• Exercise objective:
Lines holding the word "Prop" must be located in the listing below and copied.

• Extracted entries:
+-------+
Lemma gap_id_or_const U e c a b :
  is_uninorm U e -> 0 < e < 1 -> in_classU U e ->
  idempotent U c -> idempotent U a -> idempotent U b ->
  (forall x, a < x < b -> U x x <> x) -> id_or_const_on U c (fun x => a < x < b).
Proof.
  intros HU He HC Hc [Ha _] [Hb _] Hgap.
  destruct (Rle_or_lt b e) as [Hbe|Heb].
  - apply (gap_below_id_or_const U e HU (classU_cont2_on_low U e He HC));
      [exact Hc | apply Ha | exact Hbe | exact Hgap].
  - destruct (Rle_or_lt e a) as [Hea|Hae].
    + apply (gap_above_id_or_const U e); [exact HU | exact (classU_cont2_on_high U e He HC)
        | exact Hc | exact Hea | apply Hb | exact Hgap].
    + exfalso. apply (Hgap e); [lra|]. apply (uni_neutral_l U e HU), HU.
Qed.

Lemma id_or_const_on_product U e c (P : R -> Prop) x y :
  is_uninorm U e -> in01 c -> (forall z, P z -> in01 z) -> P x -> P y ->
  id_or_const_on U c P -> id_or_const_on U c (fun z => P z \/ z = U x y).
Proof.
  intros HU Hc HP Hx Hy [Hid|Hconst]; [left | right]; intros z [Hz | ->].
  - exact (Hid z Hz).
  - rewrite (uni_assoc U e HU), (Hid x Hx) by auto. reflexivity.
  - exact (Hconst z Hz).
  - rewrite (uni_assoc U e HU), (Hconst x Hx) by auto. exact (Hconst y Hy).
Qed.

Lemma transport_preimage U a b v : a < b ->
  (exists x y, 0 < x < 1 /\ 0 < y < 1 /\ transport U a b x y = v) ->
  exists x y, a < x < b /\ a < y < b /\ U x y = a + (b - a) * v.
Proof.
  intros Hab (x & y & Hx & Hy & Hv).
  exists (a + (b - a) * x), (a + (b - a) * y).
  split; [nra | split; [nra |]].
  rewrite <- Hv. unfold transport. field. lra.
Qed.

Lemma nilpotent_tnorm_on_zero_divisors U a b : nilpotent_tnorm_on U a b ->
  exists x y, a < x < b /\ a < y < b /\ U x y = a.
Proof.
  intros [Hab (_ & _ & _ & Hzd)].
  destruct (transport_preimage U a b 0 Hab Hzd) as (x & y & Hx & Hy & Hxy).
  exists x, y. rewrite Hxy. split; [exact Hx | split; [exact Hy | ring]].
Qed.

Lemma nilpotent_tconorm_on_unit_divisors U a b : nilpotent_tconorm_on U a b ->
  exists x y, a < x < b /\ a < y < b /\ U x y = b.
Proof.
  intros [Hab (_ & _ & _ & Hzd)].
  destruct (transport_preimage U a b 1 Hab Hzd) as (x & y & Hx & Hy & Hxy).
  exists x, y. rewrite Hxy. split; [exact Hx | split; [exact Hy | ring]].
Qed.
+-------+
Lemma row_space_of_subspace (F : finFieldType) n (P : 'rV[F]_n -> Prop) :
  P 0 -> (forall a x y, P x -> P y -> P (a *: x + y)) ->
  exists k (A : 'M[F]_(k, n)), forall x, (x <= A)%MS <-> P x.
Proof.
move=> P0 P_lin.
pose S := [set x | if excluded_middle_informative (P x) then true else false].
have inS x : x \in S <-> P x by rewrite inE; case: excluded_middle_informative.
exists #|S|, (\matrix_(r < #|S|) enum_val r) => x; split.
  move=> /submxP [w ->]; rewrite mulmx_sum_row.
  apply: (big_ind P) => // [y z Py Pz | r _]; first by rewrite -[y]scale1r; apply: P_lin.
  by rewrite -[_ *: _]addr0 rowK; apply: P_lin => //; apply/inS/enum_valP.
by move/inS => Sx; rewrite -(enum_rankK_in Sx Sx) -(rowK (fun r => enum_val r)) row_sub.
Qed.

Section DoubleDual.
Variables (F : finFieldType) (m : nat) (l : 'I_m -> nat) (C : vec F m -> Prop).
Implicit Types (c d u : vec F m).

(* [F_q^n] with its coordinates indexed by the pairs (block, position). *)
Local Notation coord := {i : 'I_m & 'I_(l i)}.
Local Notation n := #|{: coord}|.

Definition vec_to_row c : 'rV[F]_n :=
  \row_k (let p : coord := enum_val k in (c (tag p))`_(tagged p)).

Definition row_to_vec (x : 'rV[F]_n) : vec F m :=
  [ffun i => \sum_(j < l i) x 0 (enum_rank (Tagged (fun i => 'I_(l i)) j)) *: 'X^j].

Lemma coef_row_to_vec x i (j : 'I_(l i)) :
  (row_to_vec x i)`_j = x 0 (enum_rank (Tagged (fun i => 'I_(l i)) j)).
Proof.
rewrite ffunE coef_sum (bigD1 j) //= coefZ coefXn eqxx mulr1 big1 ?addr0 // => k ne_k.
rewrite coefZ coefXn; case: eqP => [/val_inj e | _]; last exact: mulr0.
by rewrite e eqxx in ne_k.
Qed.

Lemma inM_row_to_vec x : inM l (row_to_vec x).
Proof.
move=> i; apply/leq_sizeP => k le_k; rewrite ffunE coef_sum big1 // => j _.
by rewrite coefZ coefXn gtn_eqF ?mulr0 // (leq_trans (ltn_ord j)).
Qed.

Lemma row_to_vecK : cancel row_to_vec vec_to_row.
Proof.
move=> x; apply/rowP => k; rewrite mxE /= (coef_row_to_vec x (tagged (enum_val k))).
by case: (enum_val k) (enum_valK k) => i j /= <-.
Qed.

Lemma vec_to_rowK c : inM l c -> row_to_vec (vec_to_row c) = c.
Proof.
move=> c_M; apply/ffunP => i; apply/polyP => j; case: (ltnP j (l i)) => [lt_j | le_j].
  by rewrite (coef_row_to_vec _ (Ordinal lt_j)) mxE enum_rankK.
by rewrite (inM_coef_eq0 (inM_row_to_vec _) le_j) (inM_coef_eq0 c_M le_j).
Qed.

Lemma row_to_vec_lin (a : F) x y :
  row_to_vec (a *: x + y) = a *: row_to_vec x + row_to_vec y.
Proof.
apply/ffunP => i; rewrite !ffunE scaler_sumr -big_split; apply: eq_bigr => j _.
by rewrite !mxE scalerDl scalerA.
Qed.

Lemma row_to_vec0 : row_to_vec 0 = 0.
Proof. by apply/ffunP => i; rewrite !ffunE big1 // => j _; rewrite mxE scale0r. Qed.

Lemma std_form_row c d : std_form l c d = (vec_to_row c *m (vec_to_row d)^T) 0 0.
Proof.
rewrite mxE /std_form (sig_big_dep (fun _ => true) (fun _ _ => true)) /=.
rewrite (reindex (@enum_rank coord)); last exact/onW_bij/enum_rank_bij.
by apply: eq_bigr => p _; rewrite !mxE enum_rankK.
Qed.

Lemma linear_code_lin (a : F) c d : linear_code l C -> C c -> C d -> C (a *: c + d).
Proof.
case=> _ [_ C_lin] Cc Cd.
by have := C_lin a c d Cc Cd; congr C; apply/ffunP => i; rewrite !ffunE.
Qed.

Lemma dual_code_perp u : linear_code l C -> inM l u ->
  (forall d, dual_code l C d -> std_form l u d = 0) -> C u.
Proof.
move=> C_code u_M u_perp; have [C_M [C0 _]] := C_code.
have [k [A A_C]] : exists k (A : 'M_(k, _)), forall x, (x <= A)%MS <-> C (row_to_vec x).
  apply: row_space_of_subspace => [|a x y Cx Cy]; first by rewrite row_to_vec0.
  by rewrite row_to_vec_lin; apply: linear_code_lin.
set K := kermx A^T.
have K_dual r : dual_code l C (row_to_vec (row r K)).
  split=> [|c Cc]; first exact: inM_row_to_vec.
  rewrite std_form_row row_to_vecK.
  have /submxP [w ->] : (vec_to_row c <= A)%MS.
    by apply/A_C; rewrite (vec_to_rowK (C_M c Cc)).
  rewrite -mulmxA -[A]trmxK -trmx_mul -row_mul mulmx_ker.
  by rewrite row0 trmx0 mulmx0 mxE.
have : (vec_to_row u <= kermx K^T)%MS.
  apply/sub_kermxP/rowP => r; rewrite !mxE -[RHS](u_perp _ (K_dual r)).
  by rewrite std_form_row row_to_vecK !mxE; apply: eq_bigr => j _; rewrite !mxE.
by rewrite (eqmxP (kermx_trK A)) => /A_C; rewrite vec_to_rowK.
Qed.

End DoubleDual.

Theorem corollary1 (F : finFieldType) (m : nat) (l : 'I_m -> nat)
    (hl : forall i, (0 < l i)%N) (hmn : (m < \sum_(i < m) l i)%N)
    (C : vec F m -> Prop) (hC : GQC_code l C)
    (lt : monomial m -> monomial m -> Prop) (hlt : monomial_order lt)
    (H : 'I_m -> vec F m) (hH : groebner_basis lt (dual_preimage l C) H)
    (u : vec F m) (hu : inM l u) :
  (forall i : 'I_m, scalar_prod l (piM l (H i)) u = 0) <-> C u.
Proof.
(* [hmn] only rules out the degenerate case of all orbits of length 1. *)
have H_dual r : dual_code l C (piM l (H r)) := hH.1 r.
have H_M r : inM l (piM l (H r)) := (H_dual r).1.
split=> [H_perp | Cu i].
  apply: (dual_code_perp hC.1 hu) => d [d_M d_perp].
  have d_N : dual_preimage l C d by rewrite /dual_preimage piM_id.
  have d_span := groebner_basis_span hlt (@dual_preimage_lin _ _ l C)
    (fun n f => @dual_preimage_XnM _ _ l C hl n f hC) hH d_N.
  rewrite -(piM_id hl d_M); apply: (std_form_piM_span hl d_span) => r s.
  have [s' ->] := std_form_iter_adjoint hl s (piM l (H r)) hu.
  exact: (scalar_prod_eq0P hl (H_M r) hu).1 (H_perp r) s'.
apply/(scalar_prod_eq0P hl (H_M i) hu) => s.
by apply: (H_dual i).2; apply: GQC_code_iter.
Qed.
+-------+
• Task solution:
Lemma id_or_const_on_product U e c (P : R -> Prop) x y :
Lemma row_space_of_subspace (F : finFieldType) n (P : 'rV[F]_n -> Prop) :
Variables (F : finFieldType) (m : nat) (l : 'I_m -> nat) (C : vec F m -> Prop).
    (C : vec F m -> Prop) (hC : GQC_code l C)
    (lt : monomial m -> monomial m -> Prop) (hlt : monomial_order lt)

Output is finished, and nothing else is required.